Não convenceu nem Délis Ortiz, a experiente jornalista da Globo que acompanhou o pronunciamento e comentou no ar: “Michel Temer falou por quase oito minutos, mas não deu nenhuma explicação sobre as duas menções feitas a ele na delação do ex-presidente da Transpetro…”
Mas convenceu inteiramente nosso lorde imortal, Merval Pereira, que, no Jornal das Dez da Globo News, encontrou um silogismo que elimina qualquer dúvida sobre a honestidade do Michel: para ele, a frase do interino foi um desastre e, como todo desastre é verdadeiro, a explicação do presidente em exercício tinha condições de ser verdadeira! Claro que ele não foi direto assim. Sob o olhar emocionado das duas outras jornalistas presentes, ele pontificou em seu indefectível gestual comedido, como um lord britânico o faria: “Olha… eu acho duas coisas: uma que a frase que ele disse sobre não poder ser presidente se tivesse feito o que foi denunciado, é politicamente desastrosa… e não teria sido dita se ele não tivesse querendo passar realmente a certeza de que ele nunca fez o que está sendo acusado.

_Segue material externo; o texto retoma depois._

(* Let $\mathcal{S}$ be the set of order types of linear orders $L$ such that $M\cdot_\omega L\cong M$ for every linear order $M$. Then $\mathcal{S}$ is closed under $\cdot_\omega$ and $\langle\mathcal{S},\cdot_\omega\rangle$ is a left-regular band: $\cdot_\omega$ is associative on $\mathcal{S}$, $L\cdot_\omega L\cong L$ for all $L\in\mathcal{S}$, and $L_1\cdot_\omega L_2\cdot_\omega L_1\cong L_1\cdot_\omega L_2$ for all $L_1,L_2\in\mathcal{S}$.
   Context: The countable condensation $\sim_\omega$ on a linear order $L$: $x\sim_\omega y$ iff the closed interval between $x$ and $y$ is countable; $L/\!\sim_\omega$ is the linear order of its classes. $ML$ denotes the lexicographic product (each element of $M$ replaced by a copy of $L$). For linear orders $M,L$, $M\cdot_\omega L$ is the order type of $ML/\!\sim_\omega$; this operation is considered on order types. A left-regular band is a semigroup in which every element is idempotent and $xyx=xy$ for all $x,y$. *)

Record Ord := {
  carrier :> Type;
  lt : carrier -> carrier -> Prop
}.
Arguments lt {o} _ _.

Definition is_linear (L : Ord) : Prop :=
  (forall x : L, ~ lt x x) /\
  (forall x y z : L, lt x y -> lt y z -> lt x z) /\
  (forall x y : L, lt x y \/ x = y \/ lt y x).

Definition le {L : Ord} (x y : L) : Prop := lt x y \/ x = y.

Definition iso (L1 L2 : Ord) : Prop :=
  exists (f : L1 -> L2) (g : L2 -> L1),
    (forall x, g (f x) = x) /\ (forall y, f (g y) = y) /\
    (forall x y, lt x y <-> lt (f x) (f y)).

Definition countable_set {T : Type} (P : T -> Prop) : Prop :=
  exists f : {x : T | P x} -> nat, forall a b, f a = f b -> a = b.

Definition closed_between {L : Ord} (x y z : L) : Prop :=
  (le x z /\ le z y) \/ (le y z /\ le z x).

Definition cond_omega {L : Ord} (x y : L) : Prop :=
  countable_set (closed_between x y).

Definition is_class (L : Ord) (P : L -> Prop) : Prop :=
  exists x : L, forall y, P y <-> cond_omega x y.

(** L / ~_w : the classes, ordered by  A < B  iff every element of A is below
    every element of B (classes are convex intervals). *)
Definition condense (L : Ord) : Ord := {|
  carrier := {P : L -> Prop | is_class L P};
  lt := fun A B => forall a b, proj1_sig A a -> proj1_sig B b -> lt a b
|}.

(** Lexicographic product ML: each element of M replaced by a copy of L. *)
Definition lexprod (M L : Ord) : Ord := {|
  carrier := (carrier M * carrier L)%type;
  lt := fun p q => lt (fst p) (fst q) \/ (fst p = fst q /\ lt (snd p) (snd q))
|}.

Definition cdot_omega (M L : Ord) : Ord := condense (lexprod M L).

Definition in_S (L : Ord) : Prop :=
  is_linear L /\ forall M : Ord, is_linear M -> iso (cdot_omega M L) M.

(* Every L in S acts as a right identity: M .w L ~= M for each linear M. Since
   .w respects isomorphism in its right argument, each of the four claims
   collapses: L1 .w L2 ~= L1 gives closure (M .w (L1 .w L2) ~= M .w L1 ~= M),
   associativity (both sides are ~= L1 .w L2), idempotence, and left-regularity
   ((L1 .w L2) .w L1 ~= L1 .w L2 because L1 is a right identity). *)

From Stdlib Require Import Setoid FunctionalExtensionality ProofIrrelevance.

Lemma iso_sym (A B : Ord) : iso A B -> iso B A.
Proof.
  intros [f [g [gK [fK Hf]]]]. exists g, f. split; [exact fK | split; [exact gK |]].
  intros x y. rewrite Hf, !fK. tauto.
Qed.

Lemma iso_trans (A B C : Ord) : iso A B -> iso B C -> iso A C.
Proof.
  intros [f [g [gK [fK Hf]]]] [f' [g' [gK' [fK' Hf']]]].
  exists (fun x => f' (f x)), (fun z => g (g' z)). split; [| split].
  - intros x. rewrite gK'. apply gK.
  - intros z. rewrite fK. apply fK'.
  - intros x y. rewrite Hf, Hf'. tauto.
Qed.

Lemma countable_set_inj {T U : Type} (P : T -> Prop) (Q : U -> Prop) (g : T -> U) :
  (forall x y, g x = g y -> x = y) -> (forall x, P x -> Q (g x)) ->
  countable_set Q -> countable_set P.
Proof.
  intros g_inj gPQ [c c_inj].
  exists (fun w => c (exist _ (g (proj1_sig w)) (gPQ _ (proj2_sig w)))).
  intros [a ha] [b hb] h. apply c_inj in h. injection h as h.
  apply g_inj in h. subst b. f_equal. apply proof_irrelevance.
Qed.

Section OrderIsomorphism.
Variables (A B : Ord) (f : A -> B) (g : B -> A).
Hypotheses (gK : forall x, g (f x) = x) (fK : forall y, f (g y) = y)
  (f_lt : forall x y, lt x y <-> lt (f x) (f y)).

Lemma g_lt (u v : B) : lt u v <-> lt (g u) (g v).
Proof. rewrite f_lt, !fK. tauto. Qed.

Lemma f_inj (x y : A) : f x = f y -> x = y.
Proof. intros h. rewrite <- (gK x), h. apply gK. Qed.

Lemma g_inj (u v : B) : g u = g v -> u = v.
Proof. intros h. rewrite <- (fK u), h. apply fK. Qed.

Lemma f_le (x y : A) : le x y <-> le (f x) (f y).
Proof.
  unfold le. rewrite f_lt. split; intros [h | h]; auto.
  - right; congruence.
  - right. apply f_inj, h.
Qed.

Lemma f_closed_between (x y z : A) :
  closed_between x y z <-> closed_between (f x) (f y) (f z).
Proof. unfold closed_between. rewrite !f_le. tauto. Qed.

Lemma f_cond_omega (x y : A) : cond_omega x y <-> cond_omega (f x) (f y).
Proof.
  split; intros h.
  - apply (countable_set_inj (closed_between (f x) (f y)) (closed_between x y) g g_inj); [| exact h].
    intros z hz. apply f_closed_between. rewrite fK. exact hz.
  - apply (countable_set_inj (closed_between x y) (closed_between (f x) (f y)) f f_inj); [| exact h].
    intros z hz. apply f_closed_between, hz.
Qed.

Lemma f_is_class (P : A -> Prop) : is_class A P -> is_class B (fun y => P (g y)).
Proof.
  intros [x Hx]. exists (f x). intros y. rewrite Hx, f_cond_omega, fK. tauto.
Qed.

End OrderIsomorphism.

Lemma iso_linear (A B : Ord) : iso A B -> is_linear A -> is_linear B.
Proof.
  intros [f [g [gK [fK f_lt]]]] [irr [trans total]].
  pose proof (g_lt A B f g fK f_lt) as glt.
  split; [| split].
  - intros x Hx. apply (irr (g x)), glt, Hx.
  - intros x y z Hxy Hyz. apply glt. apply glt in Hxy, Hyz. eauto.
  - intros x y. destruct (total (g x) (g y)) as [h | [h | h]].
    + left. apply glt, h.
    + right; left. apply (g_inj A B f g fK), h.
    + right; right. apply glt, h.
Qed.

Lemma iso_condense (A B : Ord) : iso A B -> iso (condense A) (condense B).
Proof.
  intros [f [g [gK [fK f_lt]]]].
  pose proof (g_lt A B f g fK f_lt) as glt.
  exists (fun P => exist _ _ (f_is_class A B f g gK fK f_lt _ (proj2_sig P))).
  exists (fun Q => exist _ _ (f_is_class B A g f fK gK glt _ (proj2_sig Q))).
  split; [| split].
  - intros [P hP]. apply eq_sig_hprop; [intros; apply proof_irrelevance |].
    apply functional_extensionality. intros x. simpl. rewrite gK. reflexivity.
  - intros [Q hQ]. apply eq_sig_hprop; [intros; apply proof_irrelevance |].
    apply functional_extensionality. intros y. simpl. rewrite fK. reflexivity.
  - intros [P hP] [Q hQ]; simpl. split.
    + intros h u v hu hv. apply glt, h; assumption.
    + intros h a b ha hb. apply f_lt, h; rewrite gK; assumption.
Qed.

Lemma iso_lexprod_r (M L L' : Ord) : iso L L' -> iso (lexprod M L) (lexprod M L').
Proof.
  intros [f [g [gK [fK f_lt]]]].
  exists (fun p => (fst p, f (snd p))), (fun p => (fst p, g (snd p))).
  split; [| split].
  - intros [a b]; simpl; rewrite gK; reflexivity.
  - intros [a b]; simpl; rewrite fK; reflexivity.
  - intros [a b] [c d]; simpl. rewrite f_lt. tauto.
Qed.

Lemma iso_cdot_omega_r (M L L' : Ord) :
  iso L L' -> iso (cdot_omega M L) (cdot_omega M L').
Proof. intros h. apply iso_condense, iso_lexprod_r, h. Qed.

Lemma in_S_cdot_omega_r (M L : Ord) :
  in_S L -> is_linear M -> iso (cdot_omega M L) M.
Proof. intros [_ SL] linM. apply SL, linM. Qed.

Lemma in_S_cdot_omega (L1 L2 : Ord) :
  in_S L1 -> in_S L2 -> in_S (cdot_omega L1 L2).
Proof.
  intros S1 S2.
  pose proof (in_S_cdot_omega_r L1 L2 S2 (proj1 S1)) as I12.
  split; [apply (iso_linear L1), (proj1 S1); apply iso_sym, I12 |].
  intros M linM. apply iso_trans with (cdot_omega M L1).
  - apply iso_cdot_omega_r, I12.
  - apply in_S_cdot_omega_r; assumption.
Qed.

Theorem theorem5p2 :
  forall L1 L2 L3 : Ord, in_S L1 -> in_S L2 -> in_S L3 ->
    (* closure of S under .w *)
    in_S (cdot_omega L1 L2) /\
    (* associativity *)
    iso (cdot_omega (cdot_omega L1 L2) L3) (cdot_omega L1 (cdot_omega L2 L3)) /\
    (* idempotence *)
    iso (cdot_omega L1 L1) L1 /\
    (* left-regularity: L1 L2 L1 = L1 L2 *)
    iso (cdot_omega (cdot_omega L1 L2) L1) (cdot_omega L1 L2).
Proof.
  intros L1 L2 L3 S1 S2 S3.
  pose proof (in_S_cdot_omega L1 L2 S1 S2) as S12.
  split; [exact S12 | split; [| split]].
  - apply iso_trans with (cdot_omega L1 L2).
    + apply in_S_cdot_omega_r; [exact S3 | exact (proj1 S12)].
    + apply iso_cdot_omega_r, iso_sym, in_S_cdot_omega_r; [exact S3 | exact (proj1 S2)].
  - apply in_S_cdot_omega_r; [exact S1 | exact (proj1 S1)].
  - apply in_S_cdot_omega_r; [exact S1 | exact (proj1 S12)].
Qed.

Porque nenhum político cauteloso diria uma frase dessa tão peremptória… Então, pelo contraste, a frase é tão desastrosa politicamente, tão perigosa politicamente, que passou pra mim a sensação que ele ‘tava dizendo a verdade.”
Em outra instância de poder, outros lordes, estes de toga preta e falar rebuscado, eivado de latinices, com a devida vênia, tomavam uma decisão de inestimável importância e profunda significação para o povo brasileiro. Após longa discussão, que se prolongou por várias sessões, uma turma do Superior Tribunal de Justiça decidiu proibir o que chamou de venda casada, ou seja: um cinema não pode exigir que, nas sessões de cinema, seus espectadores só consumam pipocas vendidas pelo próprio cinema.
Com lordes, problemas e soluções deste nível, o Brasil queria o quê? Ganhar do Peru?